Он повторил это еще несколько раз, потом понял, что сидит и раскачивается в жутковатом трансе. Смерть… он бы почувствовал ее смерть, разве нет?
Нет, нет, нет. Не-не-нет.
Хьюго встал. Замотанная в грязную тряпку правая рука (лапа) отдалась болью. Ему нужен доктор. Как ни смешно, подойдет даже ветеринар. Он усмехнулся сквозь красные полосы боли, накатывающие на него. О, ветеринар было бы хорошо. Возможно, он единственный из пациентов, который смог бы сказать, что у него болит. Мечта. Пациент-мечта.
Он опять помотал головой. Себе-то можешь признаться, Хьюго? Ему все время чудится, что на насыпи будет стоять Отто Кляйн. Ерунда. Даже фашистские ублюдки-вивисекторы не настолько всемогущи, чтобы перенестись сюда из Аризоны в мгновение ока.
А когда Хьюго в последний раз говорил с ним по телефону («я убью тебя, Кляйн. Обещаю, я сделаю это») Кляйн был на той стороне, в подземной лаборатории. Номер был обычный аризонский, но дома, на который он был зарегистрирован, и хозяина дома не существовало. И проект 213 никогда не существовал. И он, Хьюго, не существовал, и никогда не убивал тех охранников.
И, главное, никогда не существовало Виктории Кард.
Хьюго вдруг понял, что плачет, сам того не замечая. Виктория.
2 сентября 1969 года, Провиденс, штат Род-АйлендНа мраморном пятачке посреди малахита свежеподстриженного газона стояли двое мужчин. Рядом — столик с мужским набором: графин виски, пара стаканов и вазочки с солеными орешками и льдом.

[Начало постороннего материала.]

Lemma rnd_slope_ge N :
  ln mu - 2 ^- N * ln (2 * d%:R) <= fine (rnd f N j.+1%:R) - fine (rnd f N j%:R).
Proof.
set rho := mu ^+ (2 ^ N) / (2 * d%:R).
have rho_gt0 : 0 < rho by rewrite divr_gt0.
pose A := c N *: \prod_(w <- take j (W N)) ('X - w%:P).
have sizeA : (size A <= j.+1)%N.
  rewrite (leq_trans (size_scale_leq _ _)) // size_prod_XsubC.
  by rewrite size_takel ?size_W // ltnW.
have gA : g N = A * \prod_(v <- drop j (W N)) ('X - v%:P).
  by rewrite graeffeN_factor /A -scalerAl -big_cat cat_take_drop.
have rho_small : 2 * (size (drop j (W N)))%:R * rho <= mu ^+ (2 ^ N).
  rewrite size_drop size_W /rho mulrA ler_pdivrMr // mulrC.
  by rewrite ler_wpM2l ?exprn_ge0 ?(ltW mu_gt0) // ler_wpM2l // ler_nat leq_subr.
have [n n_le_j n_max] := weighted_coef_argmax_lt (muN_gt0 N) rho_gt0
  (@W_large N) rho_small (ltn0Sn j) sizeA gA.
have [m [m_le m_touch]] := rnode_supporting_line rho_gt0 (fun k _ => n_max k).
have -> : ln mu - 2 ^- N * ln (2 * d%:R) = 2 ^- N * ln rho.
  by rewrite /rho [in RHS]ln_div ?posrE // mulrBr ln_muN.
have nj : (n <= j < d)%N by rewrite -ltnS n_le_j.
have := convex_slope_ge_line (rnd_convex N) (rnd_ge_line m_le) nj.
by apply; apply: rnd_le_node m_touch; lia.
Qed.

Lemma rnd_slope_dist N :
  `|fine (rnd f N j.+1%:R) - fine (rnd f N j%:R) - ln mu| <= 2 ^- N * ln (2 * d%:R).
Proof. by rewrite ler_distl rnd_slope_le rnd_slope_ge. Qed.

Lemma rnd_slope_fin N : (rnd f N j.+1%:R - rnd f N j%:R)%E =
  (fine (rnd f N j.+1%:R) - fine (rnd f N j%:R))%:E.
Proof. by rewrite EFinB !fineK ?rnd_fin // ler0n ler_nat // ltnW. Qed.

End Slopes.
End RenormalizedNewtonDiagram.

Theorem mainTheorem2 (R : realType) (f : {poly R[i]}) (d : nat)
  (zeta : seq R[i]) :
  size f = d.+1 ->
  f.[0] != 0 ->
  size zeta = d ->
  f = lead_coef f *: \prod_(z <- zeta) ('X - z%:P) ->
  sorted (fun z w => modC z <= modC w) zeta ->
  forall i : nat, (1 <= i <= d)%N ->
    ((fun N : nat => (rnd f N i%:R - rnd f N (i.-1)%:R)%E) @ \oo -->
       (ln (modC zeta`_i.-1))%:E)
    /\ (forall N : nat,
        (`| rnd f N i%:R - rnd f N (i.-1)%:R - (ln (modC zeta`_i.-1))%:E |
           <= (2 ^- N * ln (2 * d%:R))%:E)%E).
Proof.
move=> size_f f0_neq0 size_zeta f_factor zeta_sorted [//|j] /andP[_ j_lt_d] /=.
have slope_fin := rnd_slope_fin size_f f0_neq0 size_zeta f_factor j_lt_d zeta_sorted.
have slope_dist := rnd_slope_dist size_f f0_neq0 size_zeta f_factor j_lt_d zeta_sorted.
split.
- apply: cvg_EFin; first by near=> N; rewrite slope_fin.
  by apply: cvg_geometric_error => N /=; rewrite slope_fin; exact: slope_dist.
- by move=> N; rewrite slope_fin -EFinB abse_EFin lee_fin slope_dist.
Unshelve. all: by end_near.
Qed.
(* Let $M$ be a proper $(4,4)$-map with only finitely many non-flat faces and vertices. Then the $1$-skeleton of $M$ (with its path metric) is quasi-isometric to the $1$-skeleton of a proper planar map in which every face has degree $4$ and only finitely many vertices are non-flat (have degree different from $4$).
   Context: A proper map is a tessellation of $\mathbb R^2$ by a 2-complex whose support is the whole plane and such that every disc meets only finitely many cells. Degree of a face: length of its boundary path; degree of a vertex: number of oriented edges starting there. It is a $(4,4)$-map if every face and every vertex has degree $\ge4$; a face or vertex is flat if its degree is exactly $4$, non-flat otherwise. Two metric spaces are quasi-isometric if there is a map $\phi$ between them with image coarsely dense and $-K+\frac1Ld(x,y)<d(\phi x,\phi y)<K+Ld(x,y)$ for some constants $L>1,K>0$. *)

From Stdlib Require Import Reals List Arith Relations.
Import ListNotations.
Open Scope R_scope.

(* A combinatorial map: darts (oriented edges), an edge-reversal involution
   [alpha] without fixed points, and a bijection [sigma] giving the cyclic
   order of the darts starting at a common vertex.  Vertices are the
   sigma-orbits, faces are the orbits of [phi := sigma \o alpha]. *)
Record cmap := CMap {
  dart : Type;
  alpha : dart -> dart;
  sigma : dart -> dart;
  sigma_inv : dart -> dart;
  alpha_invol : forall d, alpha (alpha d) = d;
  alpha_nofix : forall d, alpha d <> d;
  sigma_K : forall d, sigma_inv (sigma d) = d;
  sigma_invK : forall d, sigma (sigma_inv d) = d
}.

Arguments alpha {c} d.
Arguments sigma {c} d.

Section CMapDefs.
Variable M : cmap.

Definition phi (d : dart M) : dart M := sigma (alpha d).

Definition same_vertex (d e : dart M) : Prop :=
  exists k, Nat.iter k (@sigma M) d = e.

Definition same_face (d e : dart M) : Prop :=
  exists k, Nat.iter k phi d = e.

Definition orbit_size (f : dart M -> dart M) (d : dart M) (n : nat) : Prop :=
  (0 < n)%nat /\ Nat.iter n f d = d /\
  forall k, (0 < k < n)%nat -> Nat.iter k f d <> d.

Definition vdeg (d : dart M) (n : nat) : Prop := orbit_size (@sigma M) d n.
Definition fdeg (d : dart M) (n : nat) : Prop := orbit_size phi d n.
(* Let $0<q<1$ and $c,d,z_1,z_2\in\mathbb C$ with $cz_1\ne q^{-r}$ and $dz_2\ne q^{-r}$ for all integers $r\ge1$. Then the double series below converges absolutely and $$\sum_{m,n=0}^\infty\frac{q^{m^2-mn+n^2}\,h_{m,n}(z_1,z_2|q)}{(q,cz_1q;q)_m\,(q,dz_2q;q)_n}\,c^md^n=\frac{A_q(cd)}{(cz_1q,dz_2q;q)_\infty}.$$
   Context: $(a;q)_n=\prod_{j=0}^{n-1}(1-aq^j)$, $(a;q)_\infty=\prod_{j\ge0}(1-aq^j)$, $(a_1,\dots,a_r;q)_n=\prod_i(a_i;q)_n$, $\left[{m\atop k}\right]_q=\frac{(q;q)_m}{(q;q)_k(q;q)_{m-k}}$, $m\wedge n=\min\{m,n\}$. The second $q$-$2D$-Hermite polynomials are $$h_{m,n}(z_1,z_2|q)=\sum_{j=0}^{m\wedge n}\left[{m\atop j}\right]_q\left[{n\atop j}\right]_q q^{(m-j)(n-j)}(-1)^j(q;q)_j\,z_1^{m-j}z_2^{n-j}.$$ The Ramanujan function is $A_q(z)=\sum_{n=0}^\infty\frac{q^{n^2}}{(q;q)_n}(-z)^n$. *)

From Stdlib Require Import Reals Lra Lia.
Open Scope R_scope.

Record Cx := mkC { Cre : R; Cim : R }.

Definition RtoC (x : R) : Cx := mkC x 0.
Definition C0 : Cx := RtoC 0.
Definition C1 : Cx := RtoC 1.
Definition Cadd (z w : Cx) : Cx := mkC (Cre z + Cre w) (Cim z + Cim w).
Definition Copp (z : Cx) : Cx := mkC (- Cre z) (- Cim z).
Definition Csub (z w : Cx) : Cx := Cadd z (Copp w).
Definition Cmul (z w : Cx) : Cx :=
  mkC (Cre z * Cre w - Cim z * Cim w) (Cre z * Cim w + Cim z * Cre w).
Definition Cinv (z : Cx) : Cx :=
  let n2 := Cre z * Cre z + Cim z * Cim z in
  mkC (Cre z / n2) (- Cim z / n2).
Definition Cdiv (z w : Cx) : Cx := Cmul z (Cinv w).
Fixpoint Cpow (z : Cx) (n : nat) : Cx :=
  match n with O => C1 | S k => Cmul z (Cpow z k) end.
Definition Cnorm (z : Cx) : R := sqrt (Cre z * Cre z + Cim z * Cim z).

Fixpoint Csum (f : nat -> Cx) (n : nat) : Cx :=
  match n with O => C0 | S k => Cadd (Csum f k) (f k) end.
Fixpoint Cprod (f : nat -> Cx) (n : nat) : Cx :=
  match n with O => C1 | S k => Cmul (Cprod f k) (f k) end.
Fixpoint Rsum (f : nat -> R) (n : nat) : R :=
  match n with O => 0 | S k => Rsum f k + f k end.

Definition C_cv (u : nat -> Cx) (l : Cx) : Prop :=
  forall eps : R, eps > 0 ->
    exists N : nat, forall n : nat, (n >= N)%nat -> Cnorm (Csub (u n) l) < eps.

Definition qpoch (a : Cx) (q : R) (n : nat) : Cx :=
  Cprod (fun j => Csub C1 (Cmul a (RtoC (q ^ j)))) n.

(** q-binomial coefficient [m choose k]_q, for k <= m *)
Definition qbinom (q : R) (m k : nat) : Cx :=
  Cdiv (qpoch (RtoC q) q m)
       (Cmul (qpoch (RtoC q) q k) (qpoch (RtoC q) q (m - k))).

Definition h2D (q : R) (m n : nat) (z1 z2 : Cx) : Cx :=
  Csum (fun j =>
    Cmul (Cmul (Cmul (qbinom q m j) (qbinom q n j))
               (Cmul (RtoC (q ^ ((m - j) * (n - j)) * (-1) ^ j))
                     (qpoch (RtoC q) q j)))
         (Cmul (Cpow z1 (m - j)) (Cpow z2 (n - j))))
    (S (Nat.min m n)).

Definition Aq_partial (q : R) (z : Cx) (N : nat) : Cx :=
  Csum (fun n => Cmul (Cdiv (RtoC (q ^ (n * n))) (qpoch (RtoC q) q n))
                      (Cpow (Copp z) n)) N.

(** general term of the double series of Corollary 7.2:
    q^{m^2-mn+n^2} h_{m,n}(z1,z2|q) c^m d^n / ((q,c z1 q;q)_m (q,d z2 q;q)_n)
    (m^2 - mn + n^2 = m*m + n*n - m*n is nonnegative, so nat subtraction is exact) *)
Definition cor72_term (q : R) (c d z1 z2 : Cx) (m n : nat) : Cx :=
  Cdiv (Cmul (Cmul (RtoC (q ^ (m * m + n * n - m * n))) (h2D q m n z1 z2))
             (Cmul (Cpow c m) (Cpow d n)))
       (Cmul (Cmul (qpoch (RtoC q) q m) (qpoch (Cmul (Cmul c z1) (RtoC q)) q m))
             (Cmul (qpoch (RtoC q) q n) (qpoch (Cmul (Cmul d z2) (RtoC q)) q n))).

(** Writing [m = j + a], [n = j + b] in the [j]-th summand of [h_(m,n)], the exponent
    [m^2 - mn + n^2] becomes [j^2 + (a^2 + ja) + (b^2 + jb) - ab] and the factor [q^(ab)]
    cancels, so the general term factors as [w_j X_j(c z1, a) X_j(d z2, b)] with
    [w_j = q^(j^2) (-cd)^j / (q;q)_j] the [j]-th term of [A_q(cd)] and
    [X_j(x, a) = q^(a^2 + ja) x^a / ((q;q)_a (xq;q)_(j+a))].  By the Durfee-square identity
    [sum_a q^(a^2) y^a / ((q;q)_a (yq;q)_a) = 1/(yq;q)_oo] at [y = x q^j], divided by [(xq;q)_j],
    [sum_a X_j(x, a) = 1/(xq;q)_oo] for every [j].  All these series converge geometrically
    with ratio [q], uniformly in [j], while [w_j] decays like [q^(j^2)]; this justifies
    summing over [a] and [b] first and then over [j]. *)

From Stdlib Require Import Reals Lra Lia Field.
From Coquelicot Require Complex.
Open Scope R_scope.

Lemma Cx_ext (z w : Cx) : Cre z = Cre w -> Cim z = Cim w -> z = w.
Proof. destruct z, w; simpl; intros; subst; reflexivity. Qed.

Lemma Cx_ring : ring_theory C0 C1 Cadd Cmul Csub Copp (@eq Cx).
Proof.
  constructor; intros; apply Cx_ext; unfold C0, C1, RtoC, Cadd, Cmul, Csub, Copp; simpl; ring.
Qed.

Lemma Cx_field : field_theory C0 C1 Cadd Cmul Csub Copp Cdiv Cinv (@eq Cx).
Proof.
  constructor.
  - exact Cx_ring.
  - intro H. injection H. lra.
  - reflexivity.
  - intros [a b] Hp. simpl in *.
    assert (Hn : a * a + b * b <> 0).
    { intro E. apply Hp. assert (a = 0) by nra. assert (b = 0) by nra. subst. reflexivity. }
    apply Cx_ext; unfold C1, RtoC, Cmul, Cinv; simpl; field; exact Hn.
Qed.

Add Field Cxfield : Cx_field.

Между ними не было ничего общего. Старик-азиат в шелковом кимоно, закинув руки за спину, рассматривал редкие деревья сквозь толстые линзы старомодных очков в «черепаховой» оправе. Его визави — молодой блондин лет 25, в джинсах и нейлоновой сорочке курил с отсутствующим взглядом.
— Отто, я пригласил вас сегодня по ряду важных для меня причин. — Старик обернулся к молодому человеку. — Во-первых, в этот день моя истинная Родина позорно капитулировала перед ордами мирового Хама. Во-вторых, сегодня годовщина смерти вашего отца и моего друга — Фридриха Кляйна.
— Мистер Сиро, только в память об отце я пришел в дом бывшего начальника «Отряда 731», которого и человеком-то назвать язык не поворачивается. Не могу понять, что заставляло отца — блестящего хирурга, работать с вами? Скажите, ради чего я приглашен сюда?
Ответ старика был подчеркнуто лишен эмоций.
— Извините, но вынужден напомнить, что Исии Сиро уже десять лет как умер. Теперь моя Родина здесь. Здесь продолжаются мои работы на благо Человечества. Что касается вашего отца, так его опыты на узниках Маутхаузена и Освенцима, значительно обогатили современную трансплантологию. Со временем, вы сами будете восхищаться научным подвигом отца.
Молодой человек с ужасом уставился на старого японца.
— Лжете! Отец никогда не был нацистом. Он врач. Клятва Гиппократа…
Видимо, он что-то прочитал во взгляде японца, сник, сделал несколько неверных шагов и опустился на стул.
— Отто! Нацисты, коммунисты, империалисты, пацифисты — это слова, которые не значат ничего. Знания и человеческая воля — вот истинная цель ученого. Ради нее Джордано Бруно взошел на костер…
— А Вы вырезали у живых детей органы. Ради чего, Сиро-сан?
— Дурак! Молодой дурак! Нельзя осчастливить Человечество, не измазавшись в дерьме! Мы с твоим отцом посвятили свои жизни будущему Человечества. Будущему, в котором нет места уродам, вся жизнь которых — обжорство и похоть.